Вслух произнес совсем другое, резко, непримиримо!
— Конечно, состоите в контрреволюционном офицерском союзе полковника Гоппера!
— Что вы, я Гоппера еле знаю… Знаю, конечно, что командир бригады латышских стрелков…
— Был командиром! — перебил его Мартын.
— Совершенно верно! Был.
— А вы? Вы?
— Не скрою: не большевик. Обманывать не стану. Но полностью лоялен к Советской власти.
— Настолько лоялен, что подбивали громить винный подвал…
— Правдивость — мой девиз! — с достоинством ответил офицер. — Я честно сказал, как было. Один солдат спросил, я ответил. Разве не выстрадал он в окопах, разве не несли смерть каждая пуля, бомба, каждый снаряд… пусть бы хлебнул винца!
— Не понимаете, к чему это ведет?
— Понимаю. Но тогда не вдумался. Поставите за это к стенке?
— Мы к стенке не ставим. Мы генералов под честное слово отпускаем. «Действительно, — подумал Мартын, — не сажать же его в тюрьму». И вслух продолжил: — Дайте честное слово, что никогда не выступите против Советской власти! Но если не сдержите слово… если еще раз попадетесь… Идите! Иди-те!

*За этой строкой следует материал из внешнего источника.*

(* Let $m,n$ be positive coprime integers with $1\le m/n\le 2$ and $3\nmid(m+n)$, let $\theta\in[\pi/3,\pi/2]$ satisfy $\cos\theta = \frac{|n^2+2mn-2m^2|}{2(m^2-mn+n^2)}$, and let $$\Gamma_\theta = \frac12\begin{bmatrix} m+n & m-2n\\ (m-n)\sqrt3 & m\sqrt3\end{bmatrix}\mathbb{Z}^2.$$ Then for every $\Omega\in C_h(\theta)$, $|\Gamma_\theta|\le|\Omega|$.
   Context: $\Lambda_h = \begin{bmatrix} 1 & -1/2 \\ 0 & \sqrt3/2\end{bmatrix}\mathbb{Z}^2$. For a full-rank lattice $\Gamma\subset\mathbb{R}^2$, $|\Gamma|=\min\{\|y\|^2:y\in\Gamma\setminus\{0\}\}$. $\Gamma$ is well-rounded (WR) if it has a basis of vectors of squared norm $|\Gamma|$; such a basis can be chosen with angle in $[\pi/3,\pi/2]$ between its vectors, and this angle $\theta(\Gamma)$ is an invariant. $\mathrm{WR}(\Lambda_h)$ is the set of full-rank WR sublattices of $\Lambda_h$, and $C_h(\theta)=\{\Omega\in\mathrm{WR}(\Lambda_h):\theta(\Omega)=\theta\}$. *)

From Stdlib Require Import Reals Lra ZArith.
Open Scope R_scope.

Definition pt := (R * R)%type.
Definition dot (p q : pt) : R := fst p * fst q + snd p * snd q.
Definition norm2 (p : pt) : R := dot p p.
Definition det2 (u v : pt) : R := fst u * snd v - snd u * fst v.

Definition lat_gen (u v : pt) (p : pt) : Prop :=
  exists a b : Z, p = (IZR a * fst u + IZR b * fst v, IZR a * snd u + IZR b * snd v).

Definition is_basis (L : pt -> Prop) (u v : pt) : Prop :=
  det2 u v <> 0 /\ forall p, L p <-> lat_gen u v p.

Definition full_rank_lattice (L : pt -> Prop) : Prop := exists u v, is_basis L u v.

(* r = |L| = min of squared norms of nonzero vectors of L *)
Definition is_min_norm (L : pt -> Prop) (r : R) : Prop :=
  (exists y, L y /\ y <> (0,0) /\ norm2 y = r) /\
  (forall y, L y -> y <> (0,0) -> r <= norm2 y).

Definition angle (u v : pt) : R := acos (dot u v / (sqrt (norm2 u) * sqrt (norm2 v))).

Definition Lambda_h : pt -> Prop := lat_gen (1, 0) (-1/2, sqrt 3 / 2).

Definition sublattice (O L : pt -> Prop) : Prop := forall p, O p -> L p.

Definition well_rounded (O : pt -> Prop) : Prop :=
  exists u v, is_basis O u v /\ is_min_norm O (norm2 u) /\ norm2 v = norm2 u.

Definition WR_h (O : pt -> Prop) : Prop :=
  full_rank_lattice O /\ sublattice O Lambda_h /\ well_rounded O.

Definition theta_of_is (O : pt -> Prop) (th : R) : Prop :=
  PI / 3 <= th <= PI / 2 /\
  exists u v, is_basis O u v /\ is_min_norm O (norm2 u) /\ norm2 v = norm2 u /\
              angle u v = th.

Definition C_h (th : R) (O : pt -> Prop) : Prop := WR_h O /\ theta_of_is O th.

Definition Gamma_mn (m n : Z) : pt -> Prop :=
  lat_gen ((IZR m + IZR n) / 2, (IZR m - IZR n) * sqrt 3 / 2)
          ((IZR m - 2 * IZR n) / 2, IZR m * sqrt 3 / 2).

(* Every vector of Λ_h is a (a - b/2, b √3/2) with integers a, b, so its squared norm is the
   Löschian value a² - ab + b², and the determinant of two such vectors is (√3/2) B with B an
   integer.  For a minimal basis u, v of Ω ∈ C_h(θ) with |u|² = |v|² = W, the identity
   det² = W² sin²θ together with 4N² cos²θ = (n² + 2mn - 2m²)² and 4N² - (n² + 2mn - 2m²)² =
   3 n² (2m - n)², where N = m² - mn + n², gives (N B)² = (W n (2m - n))².  Since N is coprime
   to n and to 3, it is coprime to 2m - n, hence N divides W.  So
   |Ω| = W ≥ N, while the first generator of Γ_θ has squared norm N. *)

From Stdlib Require Import Reals ZArith Znumtheory Lia Lra.
Open Scope R_scope.

Definition loeschian (a b : Z) : Z := (a * a - a * b + b * b)%Z.

Section Loeschian_arith.
Local Open Scope Z_scope.

Lemma loeschian_pos_r (m n : Z) : 0 < n -> 0 < loeschian m n.
Proof. unfold loeschian; nia. Qed.

Lemma rel_prime_add_mul_r (a k n : Z) : rel_prime a n -> rel_prime (a + k * n) n.
Proof.
rewrite <- !Zgcd_1_rel_prime. intro Han.
rewrite Z.gcd_comm, Z.gcd_add_mult_diag_r, Z.gcd_comm. exact Han.
Qed.

Lemma rel_prime_loeschian_r (m n : Z) : rel_prime m n -> rel_prime (loeschian m n) n.
Proof.
intro Hmn.
replace (loeschian m n) with (m * m + (n - m) * n) by (unfold loeschian; ring).
apply rel_prime_add_mul_r, rel_prime_sym, rel_prime_mult; apply rel_prime_sym; exact Hmn.
Qed.

Lemma rel_prime_loeschian_3 (m n : Z) : ~ (3 | m + n) -> rel_prime (loeschian m n) 3.
Proof.
intro H3. apply rel_prime_sym, prime_rel_prime; [exact prime_3|].
intros [k Hk]. apply H3.
assert (Hsq : (3 | (m + n) * (m + n))) by (exists (k + m * n); unfold loeschian in Hk; lia).
destruct (prime_mult 3 prime_3 _ _ Hsq); assumption.
Qed.

(* 4 N = (2m - n)² + 3 n², so a common divisor of N and 2m - n divides 3 n². *)
Lemma rel_prime_loeschian_2m_n (m n : Z) :
  rel_prime m n -> ~ (3 | m + n) -> rel_prime (loeschian m n) (2 * m - n).
Proof.
intros Hmn H3.
assert (Hn : rel_prime (loeschian m n) (3 * (n * n))).
{ apply rel_prime_mult; [apply rel_prime_loeschian_3; exact H3|].
  apply rel_prime_mult; apply rel_prime_loeschian_r; exact Hmn. }
destruct Hn as [_ _ Hcommon].
constructor; [apply Z.divide_1_l | apply Z.divide_1_l |].
intros d [k Hk] [l Hl]. apply Hcommon; [exists k; exact Hk|].
exists (4 * k - l * l * d). unfold loeschian in Hk. nia.
Qed.

Lemma loeschian_dvd_of_sq_eq (m n W B : Z) :
  rel_prime m n -> ~ (3 | m + n) ->
  loeschian m n * B * (loeschian m n * B) = W * (n * (2 * m - n)) * (W * (n * (2 * m - n))) ->
  (loeschian m n | W).
Proof.
intros Hmn H3 Hsq.
set (N := loeschian m n) in *.
assert (HNdvd : (N | (n * (2 * m - n)) * W)).
{ assert (Hfact : (N * B - W * (n * (2 * m - n))) * (N * B + W * (n * (2 * m - n))) = 0)
    by nia.
  apply Z.mul_eq_0 in Hfact as [Hfact | Hfact];
    [exists B | exists (- B)]; lia. }
apply Gauss with (1 := HNdvd), rel_prime_mult.
- apply rel_prime_loeschian_r; exact Hmn.
- apply rel_prime_loeschian_2m_n; assumption.
Qed.

End Loeschian_arith.

Definition hex (a b : Z) : pt := (IZR a - IZR b / 2, IZR b * sqrt 3 / 2).

Lemma Lambda_h_hex (p : pt) : Lambda_h p -> exists a b, p = hex a b.
Proof.
intros [a [b ->]]. exists a, b. unfold hex; simpl. f_equal; field.
Qed.

Lemma sqrt3_sq : sqrt 3 ^ 2 = 3.
Proof. simpl. rewrite Rmult_1_r. apply sqrt_sqrt. lra. Qed.

Lemma norm2_hex (a b : Z) : norm2 (hex a b) = IZR (loeschian a b).
Proof.
unfold norm2, dot, hex, loeschian; simpl.
rewrite plus_IZR, minus_IZR, !mult_IZR.
field_simplify. rewrite sqrt3_sq. field.
Qed.

Lemma det2_hex (a1 b1 a2 b2 : Z) :
  det2 (hex a1 b1) (hex a2 b2) = sqrt 3 / 2 * IZR (a1 * b2 - a2 * b1).
Proof. unfold det2, hex; simpl. rewrite minus_IZR, !mult_IZR. field. Qed.

Lemma lat_gen_l (u v : pt) : lat_gen u v u.
Proof. exists 1%Z, 0%Z. destruct u; simpl; f_equal; ring. Qed.

Lemma lat_gen_r (u v : pt) : lat_gen u v v.
Proof. exists 0%Z, 1%Z. destruct v; simpl; f_equal; ring. Qed.

Lemma lagrange_identity (u v : pt) :
  dot u v ^ 2 + det2 u v ^ 2 = norm2 u * norm2 v.
Proof. destruct u, v. unfold dot, det2, norm2, dot; simpl. ring. Qed.

Lemma norm2_nonneg (u : pt) : 0 <= norm2 u.
Proof. destruct u. unfold norm2, dot; simpl. nra. Qed.

Lemma norm2_pos_of_det2 (u v : pt) :
  det2 u v <> 0 -> 0 < norm2 u /\ 0 < norm2 v.
Proof.
intro Hdet.
assert (Huv : 0 < norm2 u * norm2 v).
{ rewrite <- lagrange_identity.
  assert (0 < det2 u v ^ 2) by (rewrite <- Rsqr_pow2; apply Rsqr_pos_lt; exact Hdet).
  nra. }
pose proof (norm2_nonneg u). pose proof (norm2_nonneg v).
split; apply Rnot_le_lt; intro; nra.
Qed.

Lemma det2_sq_angle (u v : pt) : det2 u v <> 0 ->
  det2 u v ^ 2 = norm2 u * norm2 v * (1 - cos (angle u v) ^ 2).
Proof.
intro Hdet. destruct (norm2_pos_of_det2 u v Hdet) as [Hu Hv].
pose proof (lagrange_identity u v) as HL.
set (r := sqrt (norm2 u) * sqrt (norm2 v)).
assert (Hr2 : r ^ 2 = norm2 u * norm2 v).
{ unfold r. rewrite Rpow_mult_distr, !pow2_sqrt; lra. }
assert (Hr : 0 < r) by (apply Rmult_lt_0_compat; apply sqrt_lt_R0; assumption).
assert (Hcos : cos (angle u v) = dot u v / r).
{ apply cos_acos.
  assert (Hbound : (dot u v / r) ^ 2 <= 1).
  { unfold Rdiv. rewrite Rpow_mult_distr, pow_inv, Hr2.
    apply (Rmult_le_reg_r (norm2 u * norm2 v)); [nra|].
    field_simplify; nra. }
  split; nra. }
rewrite Hcos. unfold Rdiv. rewrite Rpow_mult_distr, pow_inv, Hr2. field_simplify; nra.
Qed.

Lemma min_norm_unique (L : pt -> Prop) (a b : R) :
  is_min_norm L a -> is_min_norm L b -> a = b.
Proof.
intros [[y [Hy [Hy0 <-]]] Ha] [[z [Hz [Hz0 <-]]] Hb].
specialize (Ha z Hz Hz0). specialize (Hb y Hy Hy0). lra.
Qed.

Lemma Gamma_min_norm_le (m n : Z) (g : R) :
  (0 < n)%Z -> is_min_norm (Gamma_mn m n) g -> g <= IZR (loeschian m n).
Proof.
intros Hn [_ Hmin].
set (u := ((IZR m + IZR n) / 2, (IZR m - IZR n) * sqrt 3 / 2)).
assert (Hu : norm2 u = IZR (loeschian m n)).
{ unfold norm2, dot, u, loeschian; simpl.
  rewrite plus_IZR, minus_IZR, !mult_IZR. field_simplify. rewrite sqrt3_sq. field. }
rewrite <- Hu. apply Hmin.
- apply lat_gen_l.
- intro Hu0. rewrite Hu0 in Hu.
  pose proof (IZR_lt _ _ (loeschian_pos_r m n Hn)) as Hpos.
  unfold norm2, dot in Hu; simpl in Hu. lra.
Qed.

(* sin²θ = 1 - cos²θ = 3 n² (2m - n)² / (4 N²) turns det² = W² sin²θ into an integer identity. *)
Lemma sq_identity_of_cos (m n W B : Z) :
  (0 < loeschian m n)%Z ->
  (sqrt 3 / 2 * IZR B) ^ 2 =
    IZR W * IZR W *
    (1 - (Rabs (IZR (n * n + 2 * m * n - 2 * m * m)) / (2 * IZR (loeschian m n))) ^ 2) ->
  (loeschian m n * B * (loeschian m n * B) =
   W * (n * (2 * m - n)) * (W * (n * (2 * m - n))))%Z.
Proof.
intros HN Heq. apply IZR_lt in HN.
set (c := IZR (n * n + 2 * m * n - 2 * m * m)) in Heq.
assert (Hc : Rabs c ^ 2 = c ^ 2) by apply pow2_abs.
set (N := IZR (loeschian m n)) in *.
assert (Hid : 4 * N ^ 2 - c ^ 2 = 3 * IZR (n * (2 * m - n)) ^ 2).
{ unfold N, c, loeschian. repeat rewrite ?plus_IZR, ?minus_IZR, ?mult_IZR. ring. }
assert (Hprod : 3 * (N * IZR B) ^ 2 = 3 * (IZR W * IZR (n * (2 * m - n))) ^ 2).
{ field_simplify in Heq; [| lra]. rewrite sqrt3_sq, Hc in Heq.
  apply (Rmult_eq_compat_r (4 * N ^ 2)) in Heq. field_simplify in Heq; [| lra].
  transitivity (IZR W ^ 2 * (4 * N ^ 2 - c ^ 2)); [lra | rewrite Hid; ring]. }
apply eq_IZR. rewrite !mult_IZR in *. fold N. nra.
Qed.

Theorem lemma4p8 (m n : Z) (th : R) :
  (0 < m)%Z -> (0 < n)%Z -> Z.gcd m n = 1%Z ->
  (n <= m)%Z -> (m <= 2 * n)%Z -> ~ (3 | m + n)%Z ->
  PI / 3 <= th <= PI / 2 ->
  cos th = Rabs (IZR (n * n + 2 * m * n - 2 * m * m))
           / (2 * IZR (m * m - m * n + n * n)) ->
  forall O : pt -> Prop, C_h th O ->
  forall g w : R, is_min_norm (Gamma_mn m n) g -> is_min_norm O w -> g <= w.
Proof.
intros _ Hn Hgcd _ _ H3 _ Hcos O [[_ [Hsub _]] [_ [u [v [[Hdet Hbas] [Hmin [Hvu Hang]]]]]]]
  g w Hg Hw.
rewrite <- (min_norm_unique _ _ _ Hmin Hw).
apply Rle_trans with (1 := Gamma_min_norm_le m n g Hn Hg).
destruct (norm2_pos_of_det2 u v Hdet) as [Hu _].
destruct (Lambda_h_hex u (Hsub u (proj2 (Hbas u) (lat_gen_l u v)))) as [a1 [b1 ->]].
destruct (Lambda_h_hex v (Hsub v (proj2 (Hbas v) (lat_gen_r _ v)))) as [a2 [b2 ->]].
rewrite !norm2_hex in Hu, Hvu; rewrite norm2_hex in Hvu |- *.
apply IZR_le, Z.divide_pos_le; [apply lt_IZR; exact Hu|].
apply loeschian_dvd_of_sq_eq with (a1 * b2 - a2 * b1)%Z;
  [apply Zgcd_1_rel_prime; exact Hgcd | exact H3 |].
apply sq_identity_of_cos; [apply loeschian_pos_r; exact Hn|].
rewrite <- det2_hex, det2_sq_angle by exact Hdet.
rewrite !norm2_hex, Hvu, Hang, Hcos. reflexivity.
Qed.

Офицер поднес пальцы к козырьку.
— Честь имею! — круто повернулся и вышел. Мартын тоже вышел на улицу. До Главного штаба всего несколько десятков шагов.
«А все же друг детства, слишком круто, слишком уж круто я с ним обошелся», — подумал он.
IV
Когда Мартын закончил с Подвойским деловой разговор, он не нашелся сразу, как перейти к тому, что особенно волновало его.
Николай Ильич Подвойский был таким человеком, которого чем больше узнаешь, тем искреннее привязываешься. Мартыну вообще везло на партийных товарищей — людей честных, чистых, беззаветных.
Первым из них был Петр Тенч, подмастерье у столяра в Риге, куда после приходской школы поехал учиться ремеслу Янис Судрабс.
Они вместе с Яном Судрабинем направились тогда в город, только тот — в гимназию, а Янис — в подвал мастерской на Романовской улице.